_EXERCISE_
Among the lines below, count those with "LatticeClub". Give only the number.

**********

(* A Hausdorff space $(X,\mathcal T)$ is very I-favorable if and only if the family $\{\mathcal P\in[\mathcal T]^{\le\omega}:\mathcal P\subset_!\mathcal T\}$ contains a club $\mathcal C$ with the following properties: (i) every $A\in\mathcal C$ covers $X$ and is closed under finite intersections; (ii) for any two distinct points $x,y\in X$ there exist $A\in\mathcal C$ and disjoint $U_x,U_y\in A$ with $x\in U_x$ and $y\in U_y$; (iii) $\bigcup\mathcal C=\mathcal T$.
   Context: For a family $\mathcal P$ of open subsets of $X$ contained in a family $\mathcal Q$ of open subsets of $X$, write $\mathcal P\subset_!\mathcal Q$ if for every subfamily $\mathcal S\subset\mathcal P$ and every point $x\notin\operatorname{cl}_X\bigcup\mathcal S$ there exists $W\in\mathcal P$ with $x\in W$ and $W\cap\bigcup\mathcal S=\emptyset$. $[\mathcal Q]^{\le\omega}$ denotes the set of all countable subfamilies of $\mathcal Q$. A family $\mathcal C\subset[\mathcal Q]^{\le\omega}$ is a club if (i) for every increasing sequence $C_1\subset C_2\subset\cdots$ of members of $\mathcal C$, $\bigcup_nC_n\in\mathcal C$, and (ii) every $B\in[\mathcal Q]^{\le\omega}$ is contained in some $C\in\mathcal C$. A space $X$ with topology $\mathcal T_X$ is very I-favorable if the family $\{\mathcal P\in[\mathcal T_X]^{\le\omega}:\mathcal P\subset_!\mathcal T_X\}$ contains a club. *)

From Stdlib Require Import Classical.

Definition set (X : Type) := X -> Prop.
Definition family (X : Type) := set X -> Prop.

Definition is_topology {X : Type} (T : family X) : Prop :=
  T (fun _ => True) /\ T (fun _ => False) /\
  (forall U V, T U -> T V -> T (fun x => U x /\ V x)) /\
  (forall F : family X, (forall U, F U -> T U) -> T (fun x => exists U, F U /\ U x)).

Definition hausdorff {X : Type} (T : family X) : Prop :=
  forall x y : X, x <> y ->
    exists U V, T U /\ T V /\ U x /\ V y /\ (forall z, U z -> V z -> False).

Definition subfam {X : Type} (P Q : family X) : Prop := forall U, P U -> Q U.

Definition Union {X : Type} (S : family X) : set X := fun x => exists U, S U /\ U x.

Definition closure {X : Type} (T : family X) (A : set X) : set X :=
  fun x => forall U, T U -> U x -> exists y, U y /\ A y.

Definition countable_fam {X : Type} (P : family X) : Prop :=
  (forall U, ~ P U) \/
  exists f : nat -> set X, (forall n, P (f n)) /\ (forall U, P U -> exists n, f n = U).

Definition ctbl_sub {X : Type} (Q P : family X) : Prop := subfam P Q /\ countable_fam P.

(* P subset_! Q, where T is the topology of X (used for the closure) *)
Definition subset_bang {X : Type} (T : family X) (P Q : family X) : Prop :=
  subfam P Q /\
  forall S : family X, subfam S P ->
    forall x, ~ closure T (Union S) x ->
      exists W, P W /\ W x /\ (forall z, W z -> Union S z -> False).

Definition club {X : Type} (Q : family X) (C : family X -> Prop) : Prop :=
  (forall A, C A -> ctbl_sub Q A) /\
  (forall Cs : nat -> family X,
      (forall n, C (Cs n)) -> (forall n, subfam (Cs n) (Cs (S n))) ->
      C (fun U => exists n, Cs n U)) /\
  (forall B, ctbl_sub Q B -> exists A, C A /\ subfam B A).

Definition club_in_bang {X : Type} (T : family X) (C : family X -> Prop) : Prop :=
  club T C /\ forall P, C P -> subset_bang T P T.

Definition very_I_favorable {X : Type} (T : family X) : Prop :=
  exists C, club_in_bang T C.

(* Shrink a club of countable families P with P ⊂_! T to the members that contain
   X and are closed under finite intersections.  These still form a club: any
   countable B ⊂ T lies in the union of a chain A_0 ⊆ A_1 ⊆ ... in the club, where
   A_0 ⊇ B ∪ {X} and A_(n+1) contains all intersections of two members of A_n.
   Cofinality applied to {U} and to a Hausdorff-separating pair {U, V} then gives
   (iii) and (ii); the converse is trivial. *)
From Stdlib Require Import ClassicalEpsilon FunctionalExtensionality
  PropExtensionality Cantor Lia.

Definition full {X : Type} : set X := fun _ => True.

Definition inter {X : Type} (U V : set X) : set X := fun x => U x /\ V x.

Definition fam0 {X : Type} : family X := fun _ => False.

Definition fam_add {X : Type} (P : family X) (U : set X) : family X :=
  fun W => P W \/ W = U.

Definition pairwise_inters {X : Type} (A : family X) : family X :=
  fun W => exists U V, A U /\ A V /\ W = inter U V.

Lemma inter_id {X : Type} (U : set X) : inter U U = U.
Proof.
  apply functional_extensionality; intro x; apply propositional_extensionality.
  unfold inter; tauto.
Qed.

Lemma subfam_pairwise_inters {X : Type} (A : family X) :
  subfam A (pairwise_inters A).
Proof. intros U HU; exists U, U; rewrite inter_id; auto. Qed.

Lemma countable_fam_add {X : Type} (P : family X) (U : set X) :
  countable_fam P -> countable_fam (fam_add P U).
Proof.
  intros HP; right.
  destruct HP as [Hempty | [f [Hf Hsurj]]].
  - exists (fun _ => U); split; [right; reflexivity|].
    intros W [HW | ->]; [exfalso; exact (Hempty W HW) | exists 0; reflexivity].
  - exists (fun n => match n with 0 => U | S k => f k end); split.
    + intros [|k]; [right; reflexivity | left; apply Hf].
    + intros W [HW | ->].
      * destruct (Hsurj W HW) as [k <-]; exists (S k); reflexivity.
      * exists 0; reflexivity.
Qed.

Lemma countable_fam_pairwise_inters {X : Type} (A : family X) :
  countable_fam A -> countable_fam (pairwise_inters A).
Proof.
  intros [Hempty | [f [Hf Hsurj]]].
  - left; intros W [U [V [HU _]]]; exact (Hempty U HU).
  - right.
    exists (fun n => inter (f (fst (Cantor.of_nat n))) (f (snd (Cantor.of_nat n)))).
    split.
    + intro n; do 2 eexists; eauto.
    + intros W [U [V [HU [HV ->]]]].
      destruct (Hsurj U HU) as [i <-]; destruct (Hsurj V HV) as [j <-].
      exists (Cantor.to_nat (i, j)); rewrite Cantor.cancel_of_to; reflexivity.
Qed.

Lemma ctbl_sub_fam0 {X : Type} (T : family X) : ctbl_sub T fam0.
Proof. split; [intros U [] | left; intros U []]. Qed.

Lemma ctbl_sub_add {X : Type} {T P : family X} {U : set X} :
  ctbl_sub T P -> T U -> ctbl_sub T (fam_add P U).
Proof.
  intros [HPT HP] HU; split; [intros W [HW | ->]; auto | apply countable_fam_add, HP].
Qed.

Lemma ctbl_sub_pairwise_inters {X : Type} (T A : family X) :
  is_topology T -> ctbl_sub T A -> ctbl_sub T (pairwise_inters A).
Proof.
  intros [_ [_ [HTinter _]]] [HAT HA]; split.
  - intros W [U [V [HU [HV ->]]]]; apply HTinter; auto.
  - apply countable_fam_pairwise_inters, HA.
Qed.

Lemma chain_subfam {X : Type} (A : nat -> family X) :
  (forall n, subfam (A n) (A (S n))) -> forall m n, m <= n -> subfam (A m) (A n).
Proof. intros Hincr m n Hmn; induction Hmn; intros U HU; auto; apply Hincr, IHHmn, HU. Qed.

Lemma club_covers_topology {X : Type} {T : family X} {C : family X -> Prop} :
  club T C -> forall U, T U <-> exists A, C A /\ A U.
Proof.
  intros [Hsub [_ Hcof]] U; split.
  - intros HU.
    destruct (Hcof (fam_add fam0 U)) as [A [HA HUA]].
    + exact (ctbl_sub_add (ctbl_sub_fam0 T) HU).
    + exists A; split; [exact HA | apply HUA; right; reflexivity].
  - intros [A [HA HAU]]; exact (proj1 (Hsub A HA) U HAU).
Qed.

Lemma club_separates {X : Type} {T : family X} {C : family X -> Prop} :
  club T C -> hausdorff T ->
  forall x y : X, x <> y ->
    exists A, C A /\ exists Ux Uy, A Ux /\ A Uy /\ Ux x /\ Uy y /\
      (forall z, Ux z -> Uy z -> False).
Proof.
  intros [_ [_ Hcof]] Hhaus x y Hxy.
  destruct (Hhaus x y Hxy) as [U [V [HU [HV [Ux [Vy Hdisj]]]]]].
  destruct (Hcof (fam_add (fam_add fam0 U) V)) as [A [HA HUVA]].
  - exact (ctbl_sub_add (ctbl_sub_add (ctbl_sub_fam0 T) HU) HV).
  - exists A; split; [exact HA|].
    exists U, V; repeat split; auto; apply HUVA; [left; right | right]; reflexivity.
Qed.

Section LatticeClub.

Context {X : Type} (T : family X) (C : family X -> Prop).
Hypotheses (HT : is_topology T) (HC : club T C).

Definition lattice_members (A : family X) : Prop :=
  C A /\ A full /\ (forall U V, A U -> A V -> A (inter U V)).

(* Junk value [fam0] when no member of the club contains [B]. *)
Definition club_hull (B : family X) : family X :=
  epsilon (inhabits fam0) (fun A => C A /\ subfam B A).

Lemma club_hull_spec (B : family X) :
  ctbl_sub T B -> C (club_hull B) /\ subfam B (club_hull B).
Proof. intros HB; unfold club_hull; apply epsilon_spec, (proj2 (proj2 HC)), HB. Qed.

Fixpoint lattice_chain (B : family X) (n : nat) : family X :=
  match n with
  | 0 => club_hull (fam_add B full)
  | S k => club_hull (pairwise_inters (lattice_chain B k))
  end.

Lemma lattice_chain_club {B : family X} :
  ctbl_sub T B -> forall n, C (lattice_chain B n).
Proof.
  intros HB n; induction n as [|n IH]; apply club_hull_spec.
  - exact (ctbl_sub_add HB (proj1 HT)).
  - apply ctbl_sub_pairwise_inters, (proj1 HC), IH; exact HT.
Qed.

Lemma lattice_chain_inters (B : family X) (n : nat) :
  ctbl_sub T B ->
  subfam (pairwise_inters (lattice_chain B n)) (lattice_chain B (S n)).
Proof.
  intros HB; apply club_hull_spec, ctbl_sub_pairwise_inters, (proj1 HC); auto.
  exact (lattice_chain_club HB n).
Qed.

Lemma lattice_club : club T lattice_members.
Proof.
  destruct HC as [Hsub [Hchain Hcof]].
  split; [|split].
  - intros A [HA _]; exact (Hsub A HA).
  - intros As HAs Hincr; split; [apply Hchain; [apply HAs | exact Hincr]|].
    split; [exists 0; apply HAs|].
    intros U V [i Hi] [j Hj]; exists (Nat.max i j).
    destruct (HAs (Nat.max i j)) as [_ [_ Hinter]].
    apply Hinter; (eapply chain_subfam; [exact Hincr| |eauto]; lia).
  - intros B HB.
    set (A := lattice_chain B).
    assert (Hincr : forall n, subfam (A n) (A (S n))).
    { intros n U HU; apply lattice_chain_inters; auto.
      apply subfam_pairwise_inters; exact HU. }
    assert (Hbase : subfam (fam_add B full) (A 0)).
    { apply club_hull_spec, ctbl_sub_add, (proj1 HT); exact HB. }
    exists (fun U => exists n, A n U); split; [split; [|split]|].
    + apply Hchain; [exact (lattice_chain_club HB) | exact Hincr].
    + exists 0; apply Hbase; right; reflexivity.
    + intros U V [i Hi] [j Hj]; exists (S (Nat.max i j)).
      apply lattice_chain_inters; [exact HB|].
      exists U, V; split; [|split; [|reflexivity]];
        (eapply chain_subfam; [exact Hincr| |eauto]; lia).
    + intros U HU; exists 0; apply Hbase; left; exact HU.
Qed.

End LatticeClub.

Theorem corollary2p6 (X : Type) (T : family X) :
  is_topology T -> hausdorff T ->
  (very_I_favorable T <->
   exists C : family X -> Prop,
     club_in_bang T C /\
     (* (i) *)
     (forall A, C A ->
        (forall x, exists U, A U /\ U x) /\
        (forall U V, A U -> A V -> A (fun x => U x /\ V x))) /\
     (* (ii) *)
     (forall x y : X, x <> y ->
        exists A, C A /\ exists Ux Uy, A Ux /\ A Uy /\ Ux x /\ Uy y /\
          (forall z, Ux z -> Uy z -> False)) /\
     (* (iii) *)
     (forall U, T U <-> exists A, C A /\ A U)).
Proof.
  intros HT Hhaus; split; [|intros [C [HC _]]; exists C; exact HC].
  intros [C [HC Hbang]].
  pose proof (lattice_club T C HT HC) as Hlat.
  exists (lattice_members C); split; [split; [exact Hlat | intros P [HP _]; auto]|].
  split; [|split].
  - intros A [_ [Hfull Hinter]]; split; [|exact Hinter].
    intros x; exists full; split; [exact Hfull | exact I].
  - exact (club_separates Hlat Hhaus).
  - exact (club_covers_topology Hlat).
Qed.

**********

_ANSWER SECTION_
2